They say that the path to every championship could be solidly paved with the shoes of injured horses who might otherwise have been there. After a court case judgment last week, we’re reminded that it is also paved with the broken hearts of equestrians and the discretionary rights of horse owners.
When it comes to horse health and court cases, the subject is usually pre-purchase exams. Who could forget when Europe’s most promising dressage horse, the mare Poetin, was sold for a huge price, only to arrive at her new home with crippling laminitis. Her case took seven years to settle, although she died within months of the sale. Her new owner failed to prove that the seller was aware that the mare had laminitis.
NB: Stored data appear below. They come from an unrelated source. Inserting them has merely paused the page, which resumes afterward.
(* Let $\ket{\psi}$ be a pure state on a tripartite system $ABC$. Let a quantum instrument (measurement channel) $\mathcal{N}$ with Kraus operators $\{M_i\}_{i=1}^k$ acting on $B$ ($\sum_i M_i^\dagger M_i=I$) be applied, recording the outcome in a classical register $X$, giving the state $\rho_{A\mathcal{N}[B]C}=\sum_i p_i \ket{\psi_i}\bra{\psi_i}\otimes\ket{i}\bra{i}_X$ with $p_i=\|M_i\ket{\psi}\|^2$, $\ket{\psi_i}=M_i\ket{\psi}/\sqrt{p_i}$. Let $\delta I=I(A:C|\mathcal{N}[B])-I(A:C|B)$ (first term in $\rho_{A\mathcal{N}[B]C}$, second in $\ket{\psi}$). Then $$\delta I\le S(A\,\mathcal{N}[B]\,C),$$ and moreover $S(A\,\mathcal{N}[B]\,C)=-\sum_{i}p_i\log p_i$ is the Shannon entropy of the measurement outcome distribution.
   Context: The quantum conditional mutual information is $I(A:C|B)=S(AB)+S(BC)-S(B)-S(ABC)$ with von Neumann entropies. $\mathcal{N}[B]$ denotes $B$ together with the classical register $X$ (orthonormal basis $\{\ket{i}\}$), and $S(A\,\mathcal{N}[B]\,C)$ is the von Neumann entropy of $\rho_{A\mathcal{N}[B]C}$. *)

From mathcomp Require Import all_boot all_algebra spectral.
From mathcomp.real_closed Require Import complex.
From mathcomp Require Import reals exp.
Set Implicit Arguments. Unset Strict Implicit. Unset Printing Implicit Defensive.
Import GRing.Theory Num.Theory.
Local Open Scope ring_scope.

Section QInfo.
Variable R : realType.
Local Notation C := (R[i]).

(* A (finite-dimensional) operator on the Hilbert space with orthonormal
   basis indexed by the finite type T, given by its matrix entries. *)
Definition op (T : finType) := T -> T -> C.

Definition opmx (T : finType) (rho : op T) : 'M[C]_#|T| :=
  \matrix_(i, j) rho (enum_val i) (enum_val j).

(* Von Neumann entropy S(rho) = - sum_l l ln l over the eigenvalues l of rho
   (spectral decomposition of the normal matrix opmx rho); 0 ln 0 = 0. *)
Definition vN_entropy (T : finType) (rho : op T) : R :=
  - \sum_(j < #|T|)
      (complex.Re (spectral_diag (opmx rho) 0 j) *
       ln (complex.Re (spectral_diag (opmx rho) 0 j))).

Definition ptr_XY (X Y Z : finType) (rho : op (X * Y * Z)%type) : op (X * Y)%type :=
  fun u v => \sum_(z : Z) rho (u, z) (v, z).
Definition ptr_YZ (X Y Z : finType) (rho : op (X * Y * Z)%type) : op (Y * Z)%type :=
  fun u v => \sum_(x : X) rho (x, u.1, u.2) (x, v.1, v.2).
Definition ptr_Y (X Y Z : finType) (rho : op (X * Y * Z)%type) : op Y :=
  fun u v => \sum_(x : X) \sum_(z : Z) rho (x, u, z) (x, v, z).

Definition qcmi (X Y Z : finType) (rho : op (X * Y * Z)%type) : R :=
  vN_entropy (ptr_XY rho) + vN_entropy (ptr_YZ rho)
  - vN_entropy (ptr_Y rho) - vN_entropy rho.

Definition ketbra (T : finType) (psi : T -> C) : op T :=
  fun s t => psi s * (psi t)^*.

Definition apply_kraus (A B Cs : finType) (k : nat) (M : 'I_k -> op B)
    (psi : (A * B * Cs)%type -> C) (i : 'I_k) : (A * B * Cs)%type -> C :=
  fun t => \sum_(b0 : B) M i t.1.2 b0 * psi (t.1.1, b0, t.2).

Definition outcome_prob (A B Cs : finType) (k : nat) (M : 'I_k -> op B)
    (psi : (A * B * Cs)%type -> C) (i : 'I_k) : R :=
  complex.Re (\sum_(t : (A * B * Cs)%type) `|apply_kraus M psi i t| ^+ 2).

(* The state rho_{A N[B] C} = sum_i p_i |psi_i><psi_i| (x) |i><i|_X
   = sum_i M_i|psi><psi|M_i^dagger (x) |i><i|_X, where N[B] = B * X and
   the classical register X has basis 'I_k. *)
Definition post_meas_state (A B Cs : finType) (k : nat) (M : 'I_k -> op B)
    (psi : (A * B * Cs)%type -> C) : op (A * (B * 'I_k) * Cs)%type :=
  fun s t =>
    if s.1.2.2 == t.1.2.2 then
      apply_kraus M psi s.1.2.2 (s.1.1, s.1.2.1, s.2) *
      (apply_kraus M psi t.1.2.2 (t.1.1, t.1.2.1, t.2))^*
    else 0.

End QInfo.

From mathcomp Require Import all_boot all_algebra spectral.
From mathcomp.real_closed Require Import complex.
From mathcomp Require Import reals exp.
From mathcomp Require Import order ring lra.
Set Implicit Arguments. Unset Strict Implicit. Unset Printing Implicit Defensive.
Import Order.TTheory GRing.Theory Num.Theory.
Local Open Scope ring_scope.

(** Write [v_i = M_i psi], so that [p_i = |v_i|^2].  The register makes [rho_{A N[B] C}] and its
    marginals containing [N[B]] block diagonal in [i], so [S(A N[B] C) = H(p)], and, since
    [V V^*] and [V^* V] have the same nonzero spectrum, [S(A N[B]) = sum_i S(C)_{v_i}],
    [S(N[B] C) = sum_i S(A)_{v_i}] and [S(N[B]) = sum_i S(AC)_{v_i}] (unnormalized states).
    For the pure state [psi], [I(A:C|B) = S(C) + S(A) - S(AC)]; as the instrument acts on [B]
    and is trace preserving, each of these marginals of [psi] is the sum over [i] of the
    corresponding marginals of the [v_i].  Concavity in the form
    [sum_i S(sigma_i) <= S(sum_i sigma_i) + H(p)] for [C] and [A], with
    [S(sum_i sigma_i) <= sum_i S(sigma_i)] for [AC], gives [delta I <= H(p)].  Through spectral
    decompositions, both inequalities reduce to Jensen's inequality for [x ln x] and to
    subadditivity of Shannon entropy. *)

Lemma char_poly_mulmxC (F : comNzRingType) m n (A : 'M[F]_(m, n)) (B : 'M[F]_(n, m)) :
  'X^n * char_poly (A *m B) = 'X^m * char_poly (B *m A).
Proof.
set a := map_mx polyC A; set b := map_mx polyC B.
pose N := block_mx ('X%:M : 'M_m) a b (1%:M : 'M_n).
pose L1 := block_mx (1%:M : 'M_m) (- a) 0 (1%:M : 'M_n).
pose L2 := block_mx (1%:M : 'M_m) 0 (- b) ('X%:M : 'M_n).
have L1N : L1 *m N = block_mx ('X%:M - a *m b) 0 b 1%:M.
  by rewrite mulmx_block !mul1mx !mul0mx !add0r mulNmx mulmx1 subrr.
have L2N : L2 *m N = block_mx 'X%:M a 0 ('X%:M - b *m a).
  rewrite mulmx_block !mul1mx !mul0mx !addr0 mulNmx mulmx1.
  by rewrite mul_mx_scalar mul_scalar_mx addNr mulNmx addrC.
have detN : \det N = char_poly (A *m B).
  have := congr1 determinant L1N.
  rewrite det_mulmx det_ublock det_lblock !det1 mul1r mulr1 mul1r => ->.
  by rewrite /char_poly /char_poly_mx map_mxM.
have := congr1 determinant L2N.
rewrite det_mulmx det_lblock det_ublock det1 mul1r !det_scalar detN => ->.
by rewrite /char_poly /char_poly_mx map_mxM.
Qed.

Section NormalSpectrum.
Variable C : numClosedFieldType.
Local Open Scope sesquilinear_scope.

Lemma char_poly_normalmx n (M : 'M[C]_n) : M \is normalmx ->
  char_poly M = \prod_(j < n) ('X - (spectral_diag M 0 j)%:P).
Proof.
move=> /orthomx_spectralP defM.
have Xn_neq0 : ('X^n : {poly C}) != 0 by rewrite monic_neq0 ?monicXn.
have := char_poly_mulmxC (invmx (spectralmx M) *m diag_mx (spectral_diag M)) (spectralmx M).
rewrite -defM mulmxA mulmxV ?spectral_unit // mul1mx => /(mulfI Xn_neq0) ->.
rewrite char_poly_trig; last exact/is_diag_mx_is_trig/diag_mx_is_diag.
by apply: eq_bigr => j _; rewrite mxE eqxx mulr1n.
Qed.

Lemma mulmx_trmxC_normal m n (A : 'M[C]_(m, n)) : A *m A^t* \is normalmx.
Proof. by apply/normalmxP; rewrite trmx_mul map_mxM trmxCK. Qed.

Variables (V : zmodType) (f : C -> V).

Lemma sum_spectral_diag_seq n k (M : 'M[C]_n) (s : seq C) : f 0 = 0 -> M \is normalmx ->
  'X^k * char_poly M = \prod_(x <- s) ('X - x%:P) ->
  \sum_(j < n) f (spectral_diag M 0 j) = \sum_(x <- s) f x.
Proof.
move=> f0 /char_poly_normalmx -> chiM.
pose s' := [seq spectral_diag M 0 j | j <- enum 'I_n] ++ nseq k 0.
have s's : perm_eq s' s.
  apply: prod_XsubC_eq; rewrite -chiM big_cat big_map big_enum /= big_nseq.
  by rewrite subr0 iter_mulr mulr1 mulrC.
rewrite -(perm_big _ s's).
by rewrite big_cat /= big_map big_enum big_nseq f0 iter_addr mul0rn !addr0.
Qed.

Lemma sum_spectral_diag_char_poly n m (M : 'M[C]_n) (N : 'M[C]_m) :
  f 0 = 0 -> M \is normalmx -> N \is normalmx ->
  'X^m * char_poly M = 'X^n * char_poly N ->
  \sum_(j < n) f (spectral_diag M 0 j) = \sum_(j < m) f (spectral_diag N 0 j).
Proof.
move=> f0 nM /char_poly_normalmx chiN chiMN.
rewrite (sum_spectral_diag_seq (k := m)
  (s := [seq spectral_diag N 0 j | j <- enum 'I_m] ++ nseq n 0) f0 nM).
  by rewrite big_cat /= big_map big_enum big_nseq f0 iter_addr mul0rn !addr0.
rewrite chiMN chiN big_cat big_map big_enum big_nseq /= subr0 iter_mulr.
by rewrite mulr1 mulrC.
Qed.

End NormalSpectrum.

Section XlnX.
Variable R : realType.

Definition xlnx (x : R) := x * ln x.

Lemma xln_ratio_le_sub (x y : R) : 0 <= x -> 0 < y -> x * ln y - x * ln x <= y - x.
Proof.
rewrite le_eqVlt => /predU1P [<- | x_gt0] y_gt0; first by rewrite !mul0r subrr subr0 ltW.
have x_pos : x \is Num.pos by rewrite posrE.
have y_pos : y \is Num.pos by rewrite posrE.
have : ln (1 + (y / x - 1)) <= y / x - 1.
  by apply: le_ln1Dx; have := divr_gt0 y_gt0 x_gt0; lra.
rewrite addrC subrK ln_div // => /(ler_wpM2l (ltW x_gt0)).
by rewrite !mulrBr mulr1 mulrCA divff ?mulr1 ?gt_eqF.
Qed.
Following the 2010 Alltech FEI World Equestrian Games (“WEG”), many eventing journalists felt like court reporters as we followed the legal fates to two successful international event horses that were abruptly taken from their riders. World Champion Michael Jung of Germany and his superstar “Sam” were separated and then reunited following legal action with the horse’s owner and sponsor.
Closer to home, Team Australia’s Peter Atkins, who lives and trains in the United States, made a YouTube star out of his horse Henry Jota Hampton (a.k.a. “Henny”) after the “Run, Henny, Run!” helmet cam video of their WEG cross-country ride went viral. Part of the fun was hearing Peter shouting to his horse, and watching “Henny’s” ears talk back to him.
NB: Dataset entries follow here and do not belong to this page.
(* Let $k$ be a field. Every finitely presented right $\mathrm{RCFM}(k)$-module has projective dimension at most $1$.
   Context: $\mathrm{RCFM}(k)$ is the $k$-algebra of $\mathbb{N}_0\times\mathbb{N}_0$ matrices over $k$ with finitely many nonzero entries in each row and each column. *)

From HB Require Import structures.
From mathcomp Require Import all_boot all_order all_algebra.
From mathcomp Require Import boolp.
From Stdlib Require Import ClassicalEpsilon.
Set Implicit Arguments. Unset Strict Implicit. Unset Printing Implicit Defensive.
Import Order.TTheory GRing.Theory.
Local Open Scope ring_scope.

Section FSum.
Variable R : nzRingType.

Definition fsupp (f : nat -> R) (N : nat) : Prop := forall j, (N <= j)%N -> f j = 0.

Definition fsum (f : nat -> R) : R :=
  \sum_(j < epsilon (inhabits 0%N) (fsupp f)) f j.

Lemma fsupp_le f N M : (N <= M)%N -> fsupp f N -> fsupp f M.
Proof. by move=> NM h j Mj; apply: h; apply: leq_trans Mj. Qed.

Lemma sum_ext_zero (f : nat -> R) N M : (N <= M)%N -> fsupp f N ->
  \sum_(j < M) f j = \sum_(j < N) f j.
Proof.
move=> NM h; rewrite -(subnKC NM) big_split_ord /= [X in _ + X]big1 ?addr0 // => i _.
by apply: h; rewrite leq_addr.
Qed.

Lemma fsumE f N : fsupp f N -> fsum f = \sum_(j < N) f j.
Proof.
move=> h; rewrite /fsum; set N' := epsilon _ _.
have h' : fsupp f N' by apply: epsilon_spec; exists N.
rewrite -(@sum_ext_zero f N' (maxn N N')) ?leq_maxr //.
by rewrite (@sum_ext_zero f N (maxn N N')) ?leq_maxl.
Qed.

Lemma common_bound (P : nat -> nat -> Prop) :
  (forall l N M, (N <= M)%N -> P l N -> P l M) ->
  (forall l, exists N, P l N) -> forall n, exists N, forall l, (l < n)%N -> P l N.
Proof.
move=> mono h; elim=> [|n [N HN]]; first by exists 0%N.
have [M HM] := h n; exists (maxn N M) => l; rewrite ltnS leq_eqVlt.
case/orP=> [/eqP->|ln]; first by apply: mono HM; rewrite leq_maxr.
by apply: mono (HN l ln); rewrite leq_maxl.
Qed.

End FSum.

Section RCFM.
Variable k : fieldType.

Definition row_col_finite (A : nat -> nat -> k) : Prop :=
  (forall i, exists N, forall j, (N <= j)%N -> A i j = 0) /\
  (forall j, exists N, forall i, (N <= i)%N -> A i j = 0).

Record rcfm_type := RCFMat { rcfm_mx :> nat -> nat -> k; rcfm_ok : row_col_finite rcfm_mx }.

HB.instance Definition _ := gen_eqMixin rcfm_type.
HB.instance Definition _ := gen_choiceMixin rcfm_type.

Lemma rcfm_inj (A B : rcfm_type) : rcfm_mx A = rcfm_mx B -> A = B.
Proof.
case: A B => [A hA] [B hB] /= eAB; subst B.
by rewrite (Prop_irrelevance hA hB).
Qed.

Lemma rcfm_ext (A B : rcfm_type) : (forall i j, A i j = B i j) -> A = B.
Proof. by move=> h; apply: rcfm_inj; apply: funext => i; apply: funext => j. Qed.

Lemma rowf (A : rcfm_type) i : exists N, fsupp (A i) N.
Proof. by case: A => A [h1 h2]; exact: h1. Qed.
Lemma colf (A : rcfm_type) j : exists N, fsupp (fun i => A i j) N.
Proof. by case: A => A [h1 h2]; exact: h2. Qed.

Lemma rcf0 : row_col_finite (fun _ _ => 0).
Proof. by split=> ?; exists 0%N. Qed.

Lemma rcfD (A B : rcfm_type) : row_col_finite (fun i j => A i j + B i j).
Proof.
split=> x.
  have [N hN] := rowf A x; have [M hM] := rowf B x; exists (maxn N M) => j.
  by rewrite geq_max => /andP[/hN-> /hM->]; rewrite addr0.
have [N hN] := colf A x; have [M hM] := colf B x; exists (maxn N M) => j.
by rewrite geq_max => /andP[/hN-> /hM->]; rewrite addr0.
Qed.

Lemma rcfN (A : rcfm_type) : row_col_finite (fun i j => - A i j).
Proof.
split=> x.
  by have [N hN] := rowf A x; exists N => j /hN->; rewrite oppr0.
by have [N hN] := colf A x; exists N => j /hN->; rewrite oppr0.
Qed.

Definition rcfm_zero := RCFMat rcf0.
Definition rcfm_add A B := RCFMat (rcfD A B).
Definition rcfm_opp A := RCFMat (rcfN A).

Lemma rcfm_addA : associative rcfm_add.
Proof. by move=> A B C; apply: rcfm_ext => i j /=; rewrite addrA. Qed.
Lemma rcfm_addC : commutative rcfm_add.
Proof. by move=> A B; apply: rcfm_ext => i j /=; rewrite addrC. Qed.
Lemma rcfm_add0 : left_id rcfm_zero rcfm_add.
Proof. by move=> A; apply: rcfm_ext => i j /=; rewrite add0r. Qed.
Lemma rcfm_addN : left_inverse rcfm_zero rcfm_opp rcfm_add.
Proof. by move=> A; apply: rcfm_ext => i j /=; rewrite addNr. Qed.

HB.instance Definition _ :=
  GRing.isZmodule.Build rcfm_type rcfm_addA rcfm_addC rcfm_add0 rcfm_addN.

Definition mulf (A B : rcfm_type) i j := fsum (fun l => A i l * B l j).

Lemma mulfE (A B : rcfm_type) i j N : fsupp (A i) N ->
  mulf A B i j = \sum_(l < N) A i l * B l j.
Proof. by move=> h; apply: fsumE => l /h->; rewrite mul0r. Qed.

Lemma mulfE' (A B : rcfm_type) i j N : fsupp (fun l => B l j) N ->
  mulf A B i j = \sum_(l < N) A i l * B l j.
Proof. by move=> h; apply: fsumE => l /h->; rewrite mulr0. Qed.

Lemma rcfM (A B : rcfm_type) : row_col_finite (mulf A B).
Proof.
split=> x.
  have [N hN] := rowf A x.
  have [M hM] := @common_bound (fun l M => fsupp (B l) M)
     (fun l N M NM h => fsupp_le NM h) (rowf B) N.
  exists M => j Mj; rewrite (mulfE _ _ hN) big1 // => l _.
  by rewrite (hM l (ltn_ord l) j Mj) mulr0.
have [N hN] := colf B x.
have [M hM] := @common_bound (fun l M => fsupp (fun i => A i l) M)
   (fun l N M NM h => fsupp_le NM h) (colf A) N.
exists M => i Mi; rewrite (mulfE' _ _ hN) big1 // => l _.
by rewrite (hM l (ltn_ord l) i Mi) mul0r.
Qed.

Definition rcfm_mul A B := RCFMat (rcfM A B).

Lemma rcf1 : row_col_finite (fun i j => (i == j)%:R : k).
Proof.
split=> x; exists x.+1 => y xy; case: eqP => // e; subst;
  by rewrite ltnn in xy.
Qed.
Definition rcfm_one := RCFMat rcf1.

Lemma rcfm_mulA : associative rcfm_mul.
Proof.
move=> A B C; apply: rcfm_ext => i j /=.
have [N hN] := rowf A i.
have [L hL] := @common_bound (fun l M => fsupp (B l) M)
   (fun l N M NM h => fsupp_le NM h) (rowf B) N.
rewrite (mulfE _ _ hN).
have hAB : fsupp (mulf A B i) L.
  move=> l Ll; rewrite (mulfE _ _ hN) big1 // => m _.
  by rewrite (hL m (ltn_ord m) l Ll) mulr0.
rewrite (@mulfE (rcfm_mul A B) C i j L hAB) /=.
rewrite /rcfm_mul /=; symmetry.
under eq_bigr => l _ do rewrite (mulfE _ _ hN) mulr_suml.
rewrite exchange_big /=; apply: eq_bigr => m _.
rewrite (mulfE _ _ (hL m (ltn_ord m))) mulr_sumr; apply: eq_bigr => l _.
by rewrite mulrA.
Qed.

Lemma rcfm_mul1 : left_id rcfm_one rcfm_mul.
Proof.
move=> A; apply: rcfm_ext => i j /=.
rewrite (@mulfE rcfm_one A i j i.+1); last first.
  by move=> l il /=; case: eqP => // e; subst; rewrite ltnn in il.
rewrite big_ord_recr /= eqxx mul1r big1 ?add0r // => l _.
by rewrite /= eq_sym (ltn_eqF (ltn_ord l)) mul0r.
Qed.

Lemma rcfm_mulr1 : right_id rcfm_one rcfm_mul.
Proof.
move=> A; apply: rcfm_ext => i j /=.
rewrite (@mulfE' A rcfm_one i j j.+1); last first.
  by move=> l il /=; case: eqP => // e; subst; rewrite ltnn in il.
rewrite big_ord_recr /= eqxx mulr1 big1 ?add0r // => l _.
by rewrite /= (ltn_eqF (ltn_ord l)) mulr0.
Qed.

Lemma rcfm_mulDl : left_distributive rcfm_mul rcfm_add.
Proof.
move=> A B C; apply: rcfm_ext => i j /=.
have [N hN] := colf C j.
rewrite (mulfE' _ _ hN) (mulfE' _ _ hN) (@mulfE' B C i j N hN).
by rewrite -big_split /=; apply: eq_bigr => l _; rewrite mulrDl.
Qed.

Lemma rcfm_mulDr : right_distributive rcfm_mul rcfm_add.
Proof.
move=> A B C; apply: rcfm_ext => i j /=.
have [N hN] := rowf A i.
rewrite (mulfE _ _ hN) (mulfE _ _ hN) (@mulfE A C i j N hN).
by rewrite -big_split /=; apply: eq_bigr => l _; rewrite mulrDr.
Qed.

Lemma rcfm_one_neq0 : rcfm_one != 0.
Proof.
apply/eqP => e; have := congr1 (fun A : rcfm_type => A 0%N 0%N) e.
by rewrite /rcfm_one /= => /eqP; rewrite oner_eq0.
Qed.

HB.instance Definition _ := GRing.Zmodule_isNzRing.Build rcfm_type
  rcfm_mulA rcfm_mul1 rcfm_mulr1 rcfm_mulDl rcfm_mulDr rcfm_one_neq0.

End RCFM.

Definition RCFM (k : fieldType) : nzRingType := rcfm_type k.

(* Right modules over a ring R are left modules over the converse ring *)
(* R^c (scalar action a *: m stands for m . a).                        *)
Notation rmodType R := (lmodType (GRing.converse R)).

Section RightModules.
Variable R : nzRingType.

Definition rhom (U V : rmodType R) (f : U -> V) : Prop :=
  (forall x y, f (x + y) = f x + f y) /\ (forall a x, f (a *: x) = a *: f x).

Definition onto (U V : Type) (f : U -> V) : Prop := forall y, exists x, f x = y.

Definition rprojective (P : rmodType R) : Prop :=
  forall (N Q : rmodType R) (g : N -> Q) (f : P -> Q),
    rhom g -> onto g -> rhom f ->
    exists h : P -> N, rhom h /\ forall x, g (h x) = f x.

Definition rfinitely_presented (M : rmodType R) : Prop :=
  exists (n : nat) (p : 'rV[GRing.converse R]_n -> M),
    rhom p /\ onto p /\
    exists (m : nat) (v : 'I_m -> 'rV[GRing.converse R]_n),
      (forall i, p (v i) = 0) /\
      (forall x, p x = 0 ->
         exists c : 'I_m -> GRing.converse R, x = \sum_(i < m) c i *: v i).

Definition rpd_le1 (M : rmodType R) : Prop :=
  exists (P0 P1 : rmodType R) (d : P1 -> P0) (e : P0 -> M),
    rprojective P0 /\ rprojective P1 /\ rhom d /\ rhom e /\
    injective d /\ onto e /\
    (forall x, e x = 0 <-> exists y, x = d y).

End RightModules.

From Pilot Require Import Defs.
From HB Require Import structures.
From mathcomp Require Import all_boot all_algebra.
From mathcomp Require Import boolp functions.
From Stdlib Require Import ClassicalEpsilon.
Set Implicit Arguments. Unset Strict Implicit. Unset Printing Implicit Defensive.
Import GRing.Theory.
Local Open Scope ring_scope.

(* Write R for RCFM(k). Two properties of R suffice.
   First, R^m is a retract of R_R for every m: split N_0 into residue classes.
   Packing R^m and R^n into R in this way turns the map R^m -> R^n,
   c |-> \sum_i v_i c_i, onto the relations of a presentation of M into left
   multiplication by a single element rho.
   Second, the right annihilator of every a in R is eR for some e with ae = 0.
   For a = rho, the element 1 - e splits the surjection from R^m onto the
   relation module, which is therefore projective, and
   0 -> relations -> R^n -> M -> 0 is the required resolution.
   For the second property, let K be the finitely supported vectors killed by
   the rows of a and L its orthogonal among finitely supported vectors.  A
   back-and-forth construction gives vectors gamma_j, delta_i with
   e_j - gamma_j in K, e_i - delta_i in L and <gamma_j, delta_i> = 0; the matrix
   with columns e_j - gamma_j then has rows delta_i, so it lies in R, and it is
   the required e. *)

Section RightModuleMaps.
Variable R : nzRingType.
Implicit Types U V W : rmodType R.

Lemma rhom0 U V (f : U -> V) : rhom f -> f 0 = 0.
Proof. by case=> _ fZ; rewrite -(scale0r (0 : U)) fZ scale0r. Qed.

Lemma rhomN U V (f : U -> V) x : rhom f -> f (- x) = - f x.
Proof. by case=> _ fZ; rewrite -scaleN1r fZ scaleN1r. Qed.

Lemma rhomB U V (f : U -> V) x y : rhom f -> f (x - y) = f x - f y.
Proof. by move=> hf; rewrite hf.1 rhomN. Qed.

Lemma rhom_sum U V (f : U -> V) m (F : 'I_m -> U) : rhom f ->
  f (\sum_(i < m) F i) = \sum_(i < m) f (F i).
Proof.
move=> hf; elim: m F => [|m IH] F; first by rewrite !big_ord0 rhom0.
by rewrite !big_ord_recr hf.1 IH.
Qed.

Lemma rhom_comp U V W (f : U -> V) (g : V -> W) :
  rhom f -> rhom g -> rhom (fun x => g (f x)).
Proof. by move=> hf hg; split=> [x y|c x]; rewrite ?hf.1 ?hg.1 // hf.2 hg.2. Qed.

Lemma rprojective_rV n : rprojective ('rV[GRing.converse R]_n : rmodType R).
Proof.
move=> N Q g f hg g_onto hf.
have [lift liftK] := boolp.choice (fun i : 'I_n => g_onto (f (delta_mx 0 i))).
exists (fun x : 'rV_n => \sum_(i < n) x 0 i *: lift i); split; first split.
- by move=> x y; rewrite -big_split; apply: eq_bigr => i _; rewrite mxE scalerDl.
- by move=> c x; rewrite scaler_sumr; apply: eq_bigr => i _; rewrite mxE scalerA.
- move=> x; rewrite rhom_sum // {2}(row_sum_delta x) rhom_sum //.
  by apply: eq_bigr => i _; rewrite hg.2 liftK hf.2.
Qed.

Lemma rprojective_retract U V (r : U -> V) (s : V -> U) :
  rprojective U -> rhom r -> rhom s -> (forall y, r (s y) = y) -> rprojective V.
Proof.
move=> projU hr hs rsK N Q g f hg g_onto hf.
have [h [hh ghE]] := projU N Q g _ hg g_onto (rhom_comp hr hf).
by exists (fun y => h (s y)); split; [exact: rhom_comp | move=> y; rewrite ghE rsK].
Qed.

End RightModuleMaps.

Section RightKernel.
Variables (R : nzRingType) (n : nat) (M : rmodType R).
Variables (p : 'rV[GRing.converse R]_n -> M) (hp : rhom p).

(* Indexed by the proof [hp] so that the instances below do not have to
   discharge it. *)
Record rker_of (h : rhom p) :=
  RKer { rker_val : 'rV[GRing.converse R]_n; rker_valP : p rker_val = 0 }.
Notation rker := (rker_of hp).
HB.instance Definition _ := gen_eqMixin rker.
HB.instance Definition _ := gen_choiceMixin rker.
But a month after WEG, Henny was taken from Atkins’ barn in Vermont and was reportedly for sale by the owner. All this, after Atkins developed the horse into a world-class competitor, not to mention a family member. Six months of legal action and social media publicity followed, until Atkins finally was able to buy out the owner and bring the horse home.
In the meantime, we learned a lot about partnerships and rider-owner entanglements. And contracts. There has to be a contract, and you have to follow it, even if it doesn’t always say what you want it to say.
Fast forward to 2013 and shift the map from Vermont to Wisconsin, where a rider is still heartbroken over the horse she won’t be riding this winter on the Florida circuit. Amy Hunter lost her appeal in a Wisconsin Court of Appeals last week over her loss of the Irish draught stallion Cradilo.
Amy was interviewed by The Jurga Report and also gave an in-depth account of her side of her case to the Milwaukee Journal Sentinel, which published the story on Friday. For details of the case, and to understand its complexity, please click on this link.
Amy and Cradilo’s story reads like a Hollywood fairytale script…until it turns tragic. The imported stud had been injured and retired from dressage competition when Amy took him home under a “free lease” arrangement for rehabilitation and breeding management. She wasn’t planning on competing him, but after his health problems resolved, “He told me he wanted a job,” she told The Jurga Report after the court decision.
And what a job he did. Cradilo took to the jump ring, in spite of his unorthodox size. His unique style over fences made him a crowd favorite with midwest and Ocala HITS fans. And he won, while also siring foals from Amy’s mares who would turn out to be successful, too. Along the way, Amy and Cradilo were a demonstration team for the Irish Village at the World Equestrian Games. “He practically had his own fan club,” Amy recalled. “Everyone loved him.”
But Amy’s lack of a clear contract that spelled out the what-if’s and the then-what’s meant that the owners could and did reclaim what had become a very valuable horse, thanks to her work. Amy’s lawyer claimed foul, and they eventually went to court, where Amy would lose. She appealed, and lost again.
Appraiser, judge and horse insurer Steven Wall testified that Cradilo’s value as a stud horse had increased from about $40,000-50,000 in 2006 when Amy took him home to “a conservative estimate of $750,000 in 2011, due not only to Cradilo’s own subsequent success on the Grand Prix circuit, but also the success of some of his young progeny,” according to the court-supplied document.
But that didn’t matter on judgment day; the court ruled in the owners’ favor. The horse is gone, although Amy has some young horses sired by him. But he was Amy’s dream horse, that one horse that riders know will put them in the spotlight. And he did, for a short time.
As broken as Amy’s heart is, she will always have those memories, which is about all the court says she can legally claim.
It’s very tempting to take on an injured horse and bring him back, whether it’s a racehorse or a sport horse. Most will never make it back and those that do will have required expensive vet, farrier and/or therapist bills.
Often, owners are tempted to give up on their horses when the bills mount up, or the care responsibility becomes too demanding, or the horse’s performance is too disappointing. But when it comes to the absence of an actual bill of sale or a legally-binding lease, most good-hearted rehabilitators can find themselves defenseless in a court of law when and if the owner decides that the horse should be in his or her stable again or if the lease expires.
The decision to part with a horse is often made in an emotional moment, with a veterinary surgery estimate in hand, and a deposit due. Calling a lawyer and drawing up a contract is not on the to-do list, but it should be.
Horsewomen always joke that if you had two children, you’d be best served to send one to vet school and one to farrier school. But maybe law school should be higher on the list.